Quotaism is the concept of organising society by a quota system, whether by racial, gender, language or another demographic attribute. The basic premise is to have demographics represented at all levels and aspects of the civilization according to national statistics.

A quota system is often part of any affirmative action policies, but in those cases it is mainly used as a "target", within a single entity. Quotaism applies to the whole country and is enforced by legislation on all public and private entities.

Implementation

Bangladesh 
 The Bangladesh Civil Service reserves 30% of its positions to the children and grandchildren of Bangladesh Liberation War veterans, 10% to women, 10% to residents of underdeveloped districts, 5% to the indigenous peoples in Bangladesh, and 1% to disabled people. There have been demonstrations by university students calling for a drastic reduction in these quotas, or their complete abolition.

Brazil 
 Higher Education – In 2012 the Brazilian government introduced legislation for federal universities, where spots are reserved according to the racial make-up of each Brazilian state.

India 
  Reservation - a form of quota-based affirmative action directed by constitutional and statutory laws, half of all the vacancies in government is reserved based on caste, tribe or gender ie. mainly marginalised indigenous SC/ST communities.
  Higher Education - The University Grants Commission (UGC) provides financial assistance to universities/colleges which adopts a reservation policy for admissions and recruitment.
  Sports Quota - Sport ability can be a criterion for being hired for none-sports positions.

South Africa 
Local trade unions commonly use the term "Absolute representation" in this regard.
 BEE (Black Economic Empowerment) – Companies are scored based on the quota of black ownership, senior managers, training, as well as suppliers. These scores then translate into their ability to compete for government tenders.
 Affirmative Action – The SAPS (South African Police Service) operates a quota system policy for hiring and promotion. Positions will be left unfilled if the appropriate demographic candidate cannot be recruited, even if another qualified person is available.
 University Enrollment – First year students are registered on a racial quota basis. In some cases there are different admission requirements for different demographics. For example: to study medicine at the University of Cape Town (UCT), white and Indian students require at least a 78% average on their National Senior Certificate, whereas black students only requires 59%. This is largely as a result of the quota system requiring privileged access for certain ethnic groups - In 2016 the University of KwaZulu-Natal quota for medical students is 69% black African, 19% Indian, 9% coloured, 2% white and 1% other.
 Sport - Sports Minister Fikile Mbalula has imposed quota systems in athletics, cricket, football, netball and rugby.

Criticism 

Quota distribution does not necessarily fit the real composition of the population;
 one demographic may have a higher degree of higher education than another,
 a region/town may have a higher percentage of a certain demographic than the national average for that group.

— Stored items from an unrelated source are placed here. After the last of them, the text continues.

(* For a multi-parameter family $\rho(\theta)=\sum_{k=1}^d p_k(\theta)|w_k(\theta)\rangle\langle w_k(\theta)|$ with a chosen smooth spectral decomposition as in the context, at every $\theta$ one has the matrix inequality $$H_{SLD}(\theta)\le C_L(\theta),$$ i.e. $v^TH_{SLD}(\theta)v\le v^TC_L(\theta)v$ for all $v\in\mathbb{R}^p$.
   Context: Let $\Theta\subseteq\mathbb{R}^p$ be open and $\rho(\theta)=\sum_{k=1}^d p_k(\theta)|w_k(\theta)\rangle\langle w_k(\theta)|$, where $p_k:\Theta\to[0,1]$ are smooth with $\sum_k p_k=1$ and $|w_1(\theta)\rangle,\dots,|w_d(\theta)\rangle$ is an orthonormal basis of $\mathbb{C}^d$ depending smoothly on $\theta$. Write $|w_k^{(l)}\rangle=\frac{\partial}{\partial\theta^l}|w_k(\theta)\rangle$. Convention: indices $i$ with $p_i(\theta)=0$ are omitted from sums containing $1/p_i$. The $C_L$ quantum information is the $p\times p$ matrix $$C_L(\theta)_{kl}=\sum_i\frac{1}{p_i}\frac{\partial p_i}{\partial\theta^k}\frac{\partial p_i}{\partial\theta^l}+4\,\Re\sum_{i<j}(p_i+p_j)\langle w_i^{(k)}|w_j\rangle\langle w_j|w_i^{(l)}\rangle.$$ The SLD quantum information matrix is $H_{SLD}(\theta)_{kl}=\Re\,\mathrm{tr}\{\rho(\theta)\lambda_k(\theta)\lambda_l(\theta)\}$, where $\lambda_k(\theta)$ is any Hermitian solution of $\frac{\partial\rho}{\partial\theta^k}=\frac12(\rho\lambda_k+\lambda_k\rho)$. For symmetric matrices, $A\le B$ means $B-A$ is positive semidefinite. *)

(* Complex numbers are
   modelled as pairs of reals, vectors of C^d as nat -> C (only indices < d
   matter), matrices as nat -> nat -> C, parameters theta in R^p as nat -> R
   (only coordinates < p matter). *)
From Stdlib Require Import Reals Lra.
Open Scope R_scope.

Definition C := (R * R)%type.
Definition Cre (z : C) : R := fst z.
Definition Cim (z : C) : R := snd z.
Definition Czero : C := (0, 0).
Definition Cone : C := (1, 0).
Definition RtoC (r : R) : C := (r, 0).
Definition Cadd (z u : C) : C := (fst z + fst u, snd z + snd u).
Definition Cmul (z u : C) : C :=
  (fst z * fst u - snd z * snd u, fst z * snd u + snd z * fst u).
Definition Cconj (z : C) : C := (fst z, - snd z).

Fixpoint Csum (n : nat) (f : nat -> C) : C :=
  match n with O => Czero | S m => Cadd (Csum m f) (f m) end.
Fixpoint Rsum (n : nat) (f : nat -> R) : R :=
  match n with O => 0 | S m => Rsum m f + f m end.

Definition Vec := nat -> C.
Definition Mat := nat -> nat -> C.

Definition inner (d : nat) (a b : Vec) : C :=
  Csum d (fun m => Cmul (Cconj (a m)) (b m)).
Definition outer (a b : Vec) : Mat := fun i j => Cmul (a i) (Cconj (b j)).
Definition mmul (d : nat) (A B : Mat) : Mat :=
  fun i j => Csum d (fun m => Cmul (A i m) (B m j)).
Definition mtrace (d : nat) (A : Mat) : C := Csum d (fun i => A i i).
Definition hermitian (d : nat) (A : Mat) : Prop :=
  forall i j, (i < d)%nat -> (j < d)%nat -> A j i = Cconj (A i j).

Definition Pt := nat -> R.
Definition shift (x : Pt) (l : nat) (t : R) : Pt :=
  fun i => if Nat.eqb i l then x i + t else x i.
Definition near (p : nat) (x : Pt) (delta : R) (y : Pt) : Prop :=
  forall i, (i < p)%nat -> Rabs (y i - x i) < delta.
Definition is_open (p : nat) (Theta : Pt -> Prop) : Prop :=
  forall x, Theta x -> exists delta, 0 < delta /\
    forall y, near p x delta y -> Theta y.
Definition continuous_on (p : nat) (Theta : Pt -> Prop) (f : Pt -> R) : Prop :=
  forall x, Theta x -> forall eps, 0 < eps -> exists delta, 0 < delta /\
    forall y, Theta y -> near p x delta y -> Rabs (f y - f x) < eps.
Definition partial_at (f : Pt -> R) (l : nat) (x : Pt) (v : R) : Prop :=
  derivable_pt_lim (fun t => f (shift x l t)) 0 v.
Definition partialC_at (f : Pt -> C) (l : nat) (x : Pt) (v : C) : Prop :=
  partial_at (fun y => Cre (f y)) l x (Cre v) /\
  partial_at (fun y => Cim (f y)) l x (Cim v).

Fixpoint Ck (p : nat) (Theta : Pt -> Prop) (n : nat) (f : Pt -> R) : Prop :=
  match n with
  | O => continuous_on p Theta f
  | S m => continuous_on p Theta f /\
      forall l, (l < p)%nat -> exists g : Pt -> R,
        (forall x, Theta x -> partial_at f l x (g x)) /\ Ck p Theta m g
  end.
Definition smooth (p : nat) (Theta : Pt -> Prop) (f : Pt -> R) : Prop :=
  forall n, Ck p Theta n f.
Definition smoothC (p : nat) (Theta : Pt -> Prop) (f : Pt -> C) : Prop :=
  smooth p Theta (fun y => Cre (f y)) /\ smooth p Theta (fun y => Cim (f y)).

Definition rho (d : nat) (P : nat -> Pt -> R) (w : nat -> Pt -> Vec) (x : Pt) : Mat :=
  fun i j => Csum d (fun k => Cmul (RtoC (P k x)) (outer (w k x) (w k x) i j)).

(* C_L(theta)_{kl}, given the partial derivatives dP i k = d p_i / d theta^k
   and dw i k = |w_i^{(k)}> at theta; terms with p_i = 0 are omitted. *)
Definition CL (d : nat) (P : nat -> Pt -> R) (w : nat -> Pt -> Vec) (x : Pt)
    (dP : nat -> nat -> R) (dw : nat -> nat -> Vec) (k l : nat) : R :=
  Rsum d (fun i => if Req_EM_T (P i x) 0 then 0 else / P i x * dP i k * dP i l)
  + 4 * Cre (Csum d (fun j => Csum j (fun i =>
          Cmul (RtoC (P i x + P j x))
               (Cmul (inner d (dw i k) (w j x)) (inner d (w j x) (dw i l)))))).

Definition HSLD (d : nat) (P : nat -> Pt -> R) (w : nat -> Pt -> Vec) (x : Pt)
    (lam : nat -> Mat) (k l : nat) : R :=
  Cre (mtrace d (mmul d (mmul d (rho d P w x) (lam k)) (lam l))).

Definition quad (p : nat) (M : nat -> nat -> R) (v : nat -> R) : R :=
  Rsum p (fun k => Rsum p (fun l => v k * v l * M k l)).

(* Fix theta = x, write p_i = P i x and |w_i> = w i x, and work in the
   eigenframe {|w_i>} of rho(x), which is orthonormal and hence complete.
   1. Calculus.  Since Theta is open, <w_i|w_j> = delta_ij holds near x, so
      <w_i^(k)|w_j> + <w_i|w_j^(k)> = 0 (frame_tangent); the product rule gives
      d_k rho = sum_n d_k p_n |w_n><w_n| + p_n (|w_n^(k)><w_n| + |w_n><w_n^(k)|)
      (spectral_partial), which by uniqueness of derivatives equals
      (rho lam_k + lam_k rho)/2.
   2. Matrix elements of that equation in the eigenframe (sld_relation):
        (p_i + p_j)/2 <w_i|lam_k|w_j> = delta_ij d_k p_i + (p_j - p_i) <w_i|w_j^(k)>.
   3. Both quadratic forms are sums of squared moduli of the v-weighted
      coefficients: by Parseval, v^T H v = sum_{i,j} p_i |ell_ji|^2 (quad_HSLD),
      and v^T C_L v = sum_i |alpha_i|^2 / p_i + 4 sum_{i<j} (p_i+p_j) |u_ji|^2
      (quad_CL).
   4. Step 2 compares the sums term by term (eigenframe_bound): diagonal terms
      coincide, and an off-diagonal pair obeys (p_i+p_j)|ell_ij|^2 <=
      4 (p_i+p_j)|u_ij|^2 because |p_j - p_i| <= p_i + p_j. *)

From Stdlib Require Import Reals Lra Lia Psatz FunctionalExtensionality.
Open Scope R_scope.

Ltac Csolve := unfold Cadd, Cmul, Cconj, RtoC, Czero, Cone, Cre, Cim;
  apply injective_projections; simpl; field.

Lemma Csum_ext n f g : (forall i, (i < n)%nat -> f i = g i) -> Csum n f = Csum n g.
Proof.
  induction n as [|n IH]; simpl; intros H; auto.
  rewrite IH by (intros; apply H; lia). rewrite (H n) by lia. reflexivity.
Qed.

Lemma Csum_add n f g : Csum n (fun i => Cadd (f i) (g i)) = Cadd (Csum n f) (Csum n g).
Proof. induction n as [|n IH]; simpl; [Csolve|]. rewrite IH. Csolve. Qed.

Lemma Csum_mull n c f : Csum n (fun i => Cmul c (f i)) = Cmul c (Csum n f).
Proof. induction n as [|n IH]; simpl; [Csolve|]. rewrite IH. Csolve. Qed.

Lemma Csum_mulr n c f : Csum n (fun i => Cmul (f i) c) = Cmul (Csum n f) c.
Proof. induction n as [|n IH]; simpl; [Csolve|]. rewrite IH. Csolve. Qed.

Lemma Csum_zero n f : (forall i, (i < n)%nat -> f i = Czero) -> Csum n f = Czero.
Proof.
  induction n as [|n IH]; simpl; intros H; auto.
  rewrite IH by (intros; apply H; lia). rewrite H by lia. Csolve.
Qed.

Lemma Csum_swap n m f :
  Csum n (fun i => Csum m (fun j => f i j)) = Csum m (fun j => Csum n (fun i => f i j)).
Proof.
  induction n as [|n IH]; simpl.
  - symmetry; apply Csum_zero; auto.
  - rewrite IH, <- Csum_add. reflexivity.
Qed.

Lemma Csum_conj n f : Cconj (Csum n f) = Csum n (fun i => Cconj (f i)).
Proof. induction n as [|n IH]; simpl; [Csolve|]. rewrite <- IH. Csolve. Qed.

Lemma Cre_sum n f : Cre (Csum n f) = Rsum n (fun i => Cre (f i)).
Proof. induction n as [|n IH]; simpl; auto. rewrite <- IH. reflexivity. Qed.

Lemma Rsum_ext n f g : (forall i, (i < n)%nat -> f i = g i) -> Rsum n f = Rsum n g.
Proof.
  induction n as [|n IH]; simpl; intros H; auto.
  rewrite IH by (intros; apply H; lia). rewrite (H n) by lia. reflexivity.
Qed.

Lemma Rsum_add n f g : Rsum n (fun i => f i + g i) = Rsum n f + Rsum n g.
Proof. induction n as [|n IH]; simpl; [ring|]. rewrite IH. ring. Qed.

Lemma Rsum_mull n c f : Rsum n (fun i => c * f i) = c * Rsum n f.
Proof. induction n as [|n IH]; simpl; [ring|]. rewrite IH. ring. Qed.

Lemma Rsum_zero n f : (forall i, (i < n)%nat -> f i = 0) -> Rsum n f = 0.
Proof.
  induction n as [|n IH]; simpl; intros H; auto.
  rewrite IH by (intros; apply H; lia). rewrite H by lia. ring.
Qed.

Lemma Rsum_swap n m f :
  Rsum n (fun i => Rsum m (fun j => f i j)) = Rsum m (fun j => Rsum n (fun i => f i j)).
Proof.
  induction n as [|n IH]; simpl.
  - symmetry; apply Rsum_zero; auto.
  - rewrite IH, <- Rsum_add. reflexivity.
Qed.

Lemma Rsum_le n f g : (forall i, (i < n)%nat -> f i <= g i) -> Rsum n f <= Rsum n g.
Proof.
  induction n as [|n IH]; simpl; intros H; [lra|].
  pose proof (H n ltac:(lia)). pose proof (IH ltac:(intros; apply H; lia)). lra.
Qed.

Lemma Rsum_nonneg n f : (forall i, (i < n)%nat -> 0 <= f i) -> 0 <= Rsum n f.
Proof.
  intros H. rewrite <- (Rsum_zero n (fun _ => 0)) by auto. apply Rsum_le; auto.
Qed.

Lemma Rsum_zero_inv n f : (forall i, (i < n)%nat -> 0 <= f i) -> Rsum n f = 0 ->
  forall i, (i < n)%nat -> f i = 0.
Proof.
  induction n as [|n IH]; simpl; intros H Hs i Hi; [lia|].
  assert (0 <= Rsum n f) by (apply Rsum_nonneg; intros; apply H; lia).
  pose proof (H n ltac:(lia)).
  destruct (Nat.eq_dec i n) as [->|Hin]; [lra|].
  apply IH; [intros; apply H; lia | lra | lia].
Qed.

Lemma Rsum_split n f : Rsum n (fun i => Rsum n (fun j => f i j)) =
  Rsum n (fun i => f i i) + Rsum n (fun j => Rsum j (fun i => f i j + f j i)).
Proof.
  induction n as [|n IH]; simpl; [ring|].
  rewrite !Rsum_add, IH. change (Rsum n (fun j => f n j)) with (Rsum n (f n)). ring.
Qed.

Definition delta (a b : nat) : C := if Nat.eqb a b then Cone else Czero.

Lemma delta_refl a : delta a a = Cone.
Proof. unfold delta. rewrite Nat.eqb_refl. reflexivity. Qed.

Lemma delta_neq a b : a <> b -> delta a b = Czero.
Proof. intros H. unfold delta. destruct (Nat.eqb_spec a b); [contradiction|reflexivity]. Qed.

Lemma delta_sym a b : delta a b = delta b a.
Proof. unfold delta. rewrite Nat.eqb_sym. reflexivity. Qed.

Lemma Csum_delta_l n a f : (a < n)%nat -> Csum n (fun b => Cmul (delta a b) (f b)) = f a.
Proof.
  induction n as [|n IH]; intros H; [lia|]. simpl.
  destruct (Nat.eq_dec a n) as [->|Han].
  - rewrite Csum_zero, delta_refl; [Csolve|].
    intros i Hi. rewrite delta_neq by lia. Csolve.
  - rewrite IH, delta_neq by lia. Csolve.
Qed.
(* Let $G$ be a finite group and $p$ a prime such that the Sylow $p$-subgroups of $G$ are cyclic of order $p^r$, and let $\mathbf 1_G$ be the trivial $\mathbb{Z}_p[G]$-lattice. If $r\ge1$, then $$v_p(C_{\theta_G}(\mathbf 1_G))=-r\Big(1-\frac{|Z_G(Q)|}{|N_G(Q)|}\Big)$$ for any non-trivial $p$-subgroup $Q$ of $G$. If $r=0$ (i.e.\ $p\nmid|G|$), then $v_p(C_{\theta_G}(\mathbf 1_G))=0$.
   Context: Artin relation: $\theta_G=[G]-\sum_H\alpha_H[H]$, where $H$ runs over representatives of conjugacy classes of cyclic subgroups, $[H]$ stands for the $G$-set $G/H$, and the $\alpha_H\in\mathbb{Q}$ are uniquely determined by $[\mathbf 1]=\sum_H\alpha_H[\mathbb{Q}[G/H]]$ in $A(\mathbb{Q}[G])$ (Artin induction). For a rational Brauer relation $\theta=\sum_K\beta_K[K]$, one has $v_p(C_\theta(\mathbf 1_G))=-\sum_K\beta_K v_p(|K|)$. This is the regulator constant $\prod_i\det(\tfrac1{|H_i|}\langle\ ,\ \rangle|_{M^{H_i}})/\prod_j\det(\tfrac1{|H'_j|}\langle\ ,\ \rangle|_{M^{H'_j}})$ at $M=\mathbb{Z}_p$ with $\langle x,y\rangle=xy$, extended linearly. $Z_G$ and $N_G$ denote the centraliser and normaliser. *)

From HB Require Import structures.
From mathcomp Require Import all_boot all_order all_algebra all_fingroup all_solvable all_field all_character.
Set Implicit Arguments. Unset Strict Implicit. Unset Printing Implicit Defensive.
Import GRing.Theory Num.Theory.
Local Open Scope ring_scope.

(* p-adic valuation of a rational number (v_p(0) = 0 by convention). *)
Definition vp_rat (p : nat) (q : rat) : int :=
  (logn p `|numq q|%N)%:Z - (logn p `|denq q|%N)%:Z.

(* Determinant of the form (1/|H|) <x,y> = xy/|H| on M^H = Z_p for the
   trivial lattice M = 1_G = Z_p (basis {1}): a 1x1 Gram matrix [1/|H|]. *)
Definition reg_det_trivial (gT : finGroupType) (H : {group gT}) : rat :=
  (#|H|%:R)^-1.

(* A rational Brauer relation theta = sum_K beta_K [G/K], encoded as a list
   of pairs (beta_K, K).  The valuation v_p of the regulator constant
   C_theta(1_G), extended linearly in the coefficients:
     v_p(C_theta(1_G)) = sum_K beta_K v_p(det(1/|K| <,> on M^K)). *)
Definition vp_regconst_trivial (gT : finGroupType) (p : nat)
    (theta : seq (rat * {group gT})) : rat :=
  \sum_(kc <- theta) kc.1 * (vp_rat p (reg_det_trivial kc.2))%:~R.

Definition cyclic_class_reps (gT : finGroupType) (G : {group gT})
    (reps : seq {group gT}) : Prop :=
  (forall K : {group gT}, K \in reps -> (K \subset G) && cyclic K) /\
  (forall H : {group gT}, H \subset G -> cyclic H ->
     count (fun K : {group gT} => (H : {set gT}) \in (K :^: G)%g) reps = 1%N).

(* The Artin coefficients: [1] = sum_H alpha_H [Q[G/H]] in A(Q[G]) (tensor Q),
   expressed via characters (the character map on A(Q[G]) is injective):
   the permutation character of G/H is 'Ind[G,H] 1. *)
Definition artin_coeffs (gT : finGroupType) (G : {group gT})
    (reps : seq {group gT}) (alpha : {group gT} -> rat) : Prop :=
  (1 : 'CF(G)) = \sum_(H <- reps) (ratr (alpha H) : algC) *: 'Ind[G, H] (1 : 'CF(H)).

Definition artin_relation (gT : finGroupType) (G : {group gT})
    (reps : seq {group gT}) (alpha : {group gT} -> rat)
    : seq (rat * {group gT}) :=
  (1, G) :: [seq (- alpha H, H) | H <- reps].

From HB Require Import structures.
From mathcomp Require Import all_boot all_order all_algebra all_fingroup all_solvable all_field all_character.
From mathcomp Require Import ring.
Import GRing.Theory Num.Theory.

Set Implicit Arguments. Unset Strict Implicit. Unset Printing Implicit Defensive.

(* Put S = \sum_H alpha_H log_p |H|, so that v_p(C_theta(1_G)) = - r + S.  Evaluating the
   Artin relation on the class function g |-> logn_weight p (log_p #[g]) gives
   \sum_(g in G) logn_weight p (log_p #[g]) = |G| S, because the weights are chosen so that this
   sum is |H| log_p |H| on every cyclic group H.  Counting instead the elements of G with a given
   p-part u, Burnside's transfer theorem in 'C_G[u] (whose Sylow subgroups are cyclic) evaluates
   the same sum as |G| r |C_G(P)| / |N_G(P)|.  Finally a Frattini argument shows that
   |C_G(Q)| / |N_G(Q)| = |C_G(P)| / |N_G(P)| for every non-trivial p-subgroup Q. *)

(* Burnside's normal p-complement theorem, through the transfer of C into P. *)
Section BurnsideTransfer.
Local Open Scope group_scope.
Import FiniteModule.
Variables (gT : finGroupType) (p : nat) (C P : {group gT}).
Hypotheses (sylP : p.-Sylow(C) P) (abP : abelian P) (nPC : 'N_C(P) \subset 'C(P)).

Let sPC : P \subset C := pHall_sub sylP.

(* P and P :^ x are Sylow in 'C_C[h ^ x], hence x = n y with n in 'N_C(P) and y fixing h ^ x. *)
Lemma Sylow_conj_fixed h x : h \in P -> x \in C -> h ^ x \in P -> h ^ x = h.
Proof.
move=> Ph Cx Phx; have sCkC : 'C_C[h ^ x] \subset C by apply: subsetIl.
have sPCk : P \subset 'C_C[h ^ x] by rewrite subsetI sPC sub_cent1 (subsetP abP).
have sPxCk : P :^ x \subset 'C_C[h ^ x].
  by rewrite subsetI -(conjGid Cx) conjSg sPC cent1J conjSg sub_cent1 (subsetP abP).
have sylPx : p.-Sylow(C) (P :^ x)%G by rewrite pHallJ.
have [y /setIP[Cy /cent1P cyk] defPx] :=
  Sylow_trans (pHall_subl sPCk sCkC sylP) (pHall_subl sPxCk sCkC sylPx).
have NCxy : x * y^-1 \in 'N_C(P).
  by rewrite inE groupM ?groupV //=; apply/normP; rewrite conjsgM /= defPx conjsgK.
have /centP cPxy := subsetP nPC _ NCxy.
have hxy : h ^ x = h ^ y.
  rewrite -{1}(mulgKV y x) conjgM; congr (_ ^ y).
  by rewrite conjgE -(cPxy h Ph) mulKg.
have kyV : (h ^ x) ^ y^-1 = h ^ x.
  by apply/conjg_fixP/commgP/commuteV/commute_sym.
by rewrite -[LHS]kyV hxy conjgK.
Qed.

Let idmP : idm P @* P = P. Proof. exact: morphim_idm. Qed.
Let abfP : abelian (idm P @* P). Proof. by rewrite idmP. Qed.
Let fPP g : g \in P -> g \in idm P @* P. Proof. by rewrite idmP. Qed.

Local Notation T := (transfer_morphism C abfP).

Lemma transfer_Sylow g : g \in P -> T g = (fmod abfP g *+ #|C : P|)%R.
Proof.
move=> Pg; have Cg := subsetP sPC g Pg.
have trX := transversalP (rcosets_cycle_partition sPC Cg).
rewrite /= (transfer_cycle_expansion sPC abfP Cg trX).
rewrite -(sum_index_rcosets_cycle sPC Cg trX) -sumrMnr.
apply: eq_bigr => x Xx; have Cx : x \in C := subsetP (transversal_sub trX) x Xx.
set n := #|<[g]> : P :* x|.
have Pgnx : (g ^+ n) ^ x^-1 \in P.
  have := mulg_exp_card_rcosets P g x; rewrite -/n mem_rcoset.
  by rewrite conjgE invgK mulgA.
rewrite Sylow_conj_fixed ?groupX ?groupV //.
by change (fmod abfP (g ^+ n) = fmod abfP g *+ n)%R; rewrite fmodX ?fPP.
Qed.

Lemma Sylow_ker_transfer_TI : P :&: 'ker T = 1.
Proof.
apply/trivgP/subsetP => g /setIP[Pg /(mker (f := T))].
rewrite transfer_Sylow // -fmodX ?fPP // => /(congr1 val).
rewrite fmodK ?fPP ?groupX // => /eqP; rewrite -order_dvdn => dvd_g_idx.
have cop : coprime #|P| #|C : P| by case/andP: (pHall_Hall sylP).
have : #[g] %| gcdn #|P| #|C : P| by rewrite dvdn_gcd order_dvdG.
by rewrite (eqP cop) dvdn1 order_eq1 inE.
Qed.

Lemma p'elt_ker_transfer s : s \in C -> p^'.-elt s -> s \in 'ker T.
Proof.
move=> Cs p's; apply/kerP => //; apply: val_inj; rewrite fmval0.
have /(mem_p_elt (pHall_pgroup sylP)) pTs : val (T s) \in P.
  by have := fmodP (T s); rewrite /= idmP.
have dvdTs : #[val (T s)] %| #[s].
  by apply: dvdn_trans (morph_order _ _) (morph_order _ _); rewrite ?inE.
by apply/eqP; rewrite -order_eq1 -(pnat_1 pTs (pnat_dvd dvdTs p's)).
Qed.

Lemma ker_transfer_Sylow : 'ker T = [set s in C | p^'.-elt s].
Proof.
apply/setP => g; rewrite [RHS]inE; apply/idP/andP => [kg | [Cg p'g]]; last first.
  exact: p'elt_ker_transfer.
have Cg : g \in C := dom_ker kg.
split=> //; apply/constt1P; set u := g.`_p.
have ku : u \in 'ker T by rewrite groupX.
have sUC : <[u]> \subset C by rewrite cycle_subG (dom_ker ku).
have [y Cy sUPy] := Sylow_subJ sylP sUC (p_elt_constt p g).
have Puy : u ^ y^-1 \in P by rewrite -mem_conjg (subsetP sUPy) ?cycle_id.
have kuy : u ^ y^-1 \in 'ker T.
  by rewrite memJ_norm ?groupV ?(subsetP (ker_norm T)).
have /trivgP/subsetP/(_ (u ^ y^-1)) := Sylow_ker_transfer_TI.
by rewrite inE Puy kuy inE conjg_eq1 => /(_ isT)/eqP.
Qed.

Lemma card_Sylow_transfer_image : #|T @* C| = #|P|.
Proof.
apply/eqP; rewrite eqn_leq; apply/andP; split.
  apply: leq_trans (subset_leq_card (subsetT _)) _.
  rewrite cardsT -(card_imset predT val_inj); apply: subset_leq_card.
  by apply/subsetP => _ /imsetP[u _ ->]; have := fmodP u; rewrite /= idmP.
apply: leq_trans (subset_leq_card (morphimS T sPC)).
by rewrite card_morphim (setIidPr sPC) -indexgI Sylow_ker_transfer_TI indexg1.
Qed.

Lemma card_p'elt_mul_Sylow : (#|[set s in C | p^'.-elt s]| * #|P|)%N = #|C|.
Proof.
rewrite -ker_transfer_Sylow -card_Sylow_transfer_image card_morphim setIid.
by rewrite Lagrange //; apply/subsetP/dom_ker.
Qed.

End BurnsideTransfer.

Section CyclicSylow.
Local Open Scope group_scope.
Variables (gT : finGroupType) (p : nat).
Implicit Types (K P Q : {group gT}) (u x y : gT).

(* By coprime action [~: P, <[x]>] meets 'C(x) trivially; but if it were not trivial it would
   contain the subgroup of order p of P, which lies in <[u]> and so is centralised by x. *)
Lemma p'elt_cent_cyclic_pgroup P x u :
  p.-group P -> cyclic P -> x \in 'N(P) -> p^'.-elt x ->
  u \in P -> u != 1 -> commute x u -> x \in 'C(P).
Proof.
move=> pP cycP nPx p'x Pu ntu cxu.
have nPX : <[x]> \subset 'N(P) by rewrite cycle_subG.
have sRP : [~: P, <[x]>] \subset P by rewrite commg_subl.
have TIcent : 'C_[~: P, <[x]>](<[x]>) = 1.
  apply: coprime_abel_cent_TI nPX _ (cyclic_abelian cycP).
  by rewrite -orderE (pnat_coprime pP).
have cXu : <[u]> \subset 'C(<[x]>).
  by rewrite cent_cycle cycle_subG; apply/cent1P; apply: commute_sym.
rewrite -sub_cent1 -cent_cycle; apply/commG1P/eqP.
rewrite -Ohm1_eq1 -subG1 -TIcent subsetI Ohm_sub /=.
have [-> | ntR] := eqVneq [~: P, <[x]>] 1; first by rewrite Ohm1 sub1G.
apply: subset_trans cXu.
have pU : p.-group <[u]> by rewrite (pgroupS _ pP) ?cycle_subG.
have [_ p_dv_u _] : [/\ prime p, p %| #|<[u]>| & exists m, #|<[u]>| = (p ^ m.+1)%N].
  by apply: pgroup_pdiv; rewrite ?cycle_eq1.
rewrite -(cardSg_cyclic cycP) ?cycle_subG ?(subset_trans (Ohm_sub 1 _)) //.
by rewrite (Ohm1_cyclic_pgroup_prime (cyclicS sRP cycP) (pgroupS sRP pP) ntR).
Qed.

Lemma norm_cent_cyclic_Sylow K P y u : p.-Sylow(K) P -> cyclic P ->
  y \in 'N_K(P) -> u \in P -> u != 1 -> commute y u -> y \in 'C(P).
Proof.
move=> sylP cycP NKy Pu ntu cyu.
have NKyX z : z \in <[y]> -> z \in 'N_K(P) by case/cycleP=> i ->; rewrite groupX.
have sylPN : p.-Sylow('N_K(P)) P.
  by rewrite (pHall_subl _ _ sylP) ?subsetIl // subsetI (pHall_sub sylP) normG.
have nPN : P <| 'N_K(P) by rewrite normalSG ?(pHall_sub sylP).
rewrite -(consttC p y) groupM //; last first.
  have /setIP[_ nPyp'] := NKyX _ (cycle_constt p^' y).
  apply: p'elt_cent_cyclic_pgroup (pHall_pgroup sylP) cycP nPyp' _ Pu ntu _.
    exact: p_elt_constt.
  by apply/commute_sym/commuteX/commute_sym.
rewrite (subsetP (cyclic_abelian cycP)) // (mem_normal_Hall sylPN nPN) ?p_elt_constt //.
exact/NKyX/cycle_constt.
Qed.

It is complicated  to keep to a quota system in equilibrium since the demographics are continually changing. Most quota systems are based on national census data, which is tends to be collected once every 5–10 years.

Leaving positions unfilled in state departments can have a negative effect on service delivery. This is a very serious concern when applied in police forces of countries with high crime figures. This can also lead to slow economic growth and social mobility pigeonholing.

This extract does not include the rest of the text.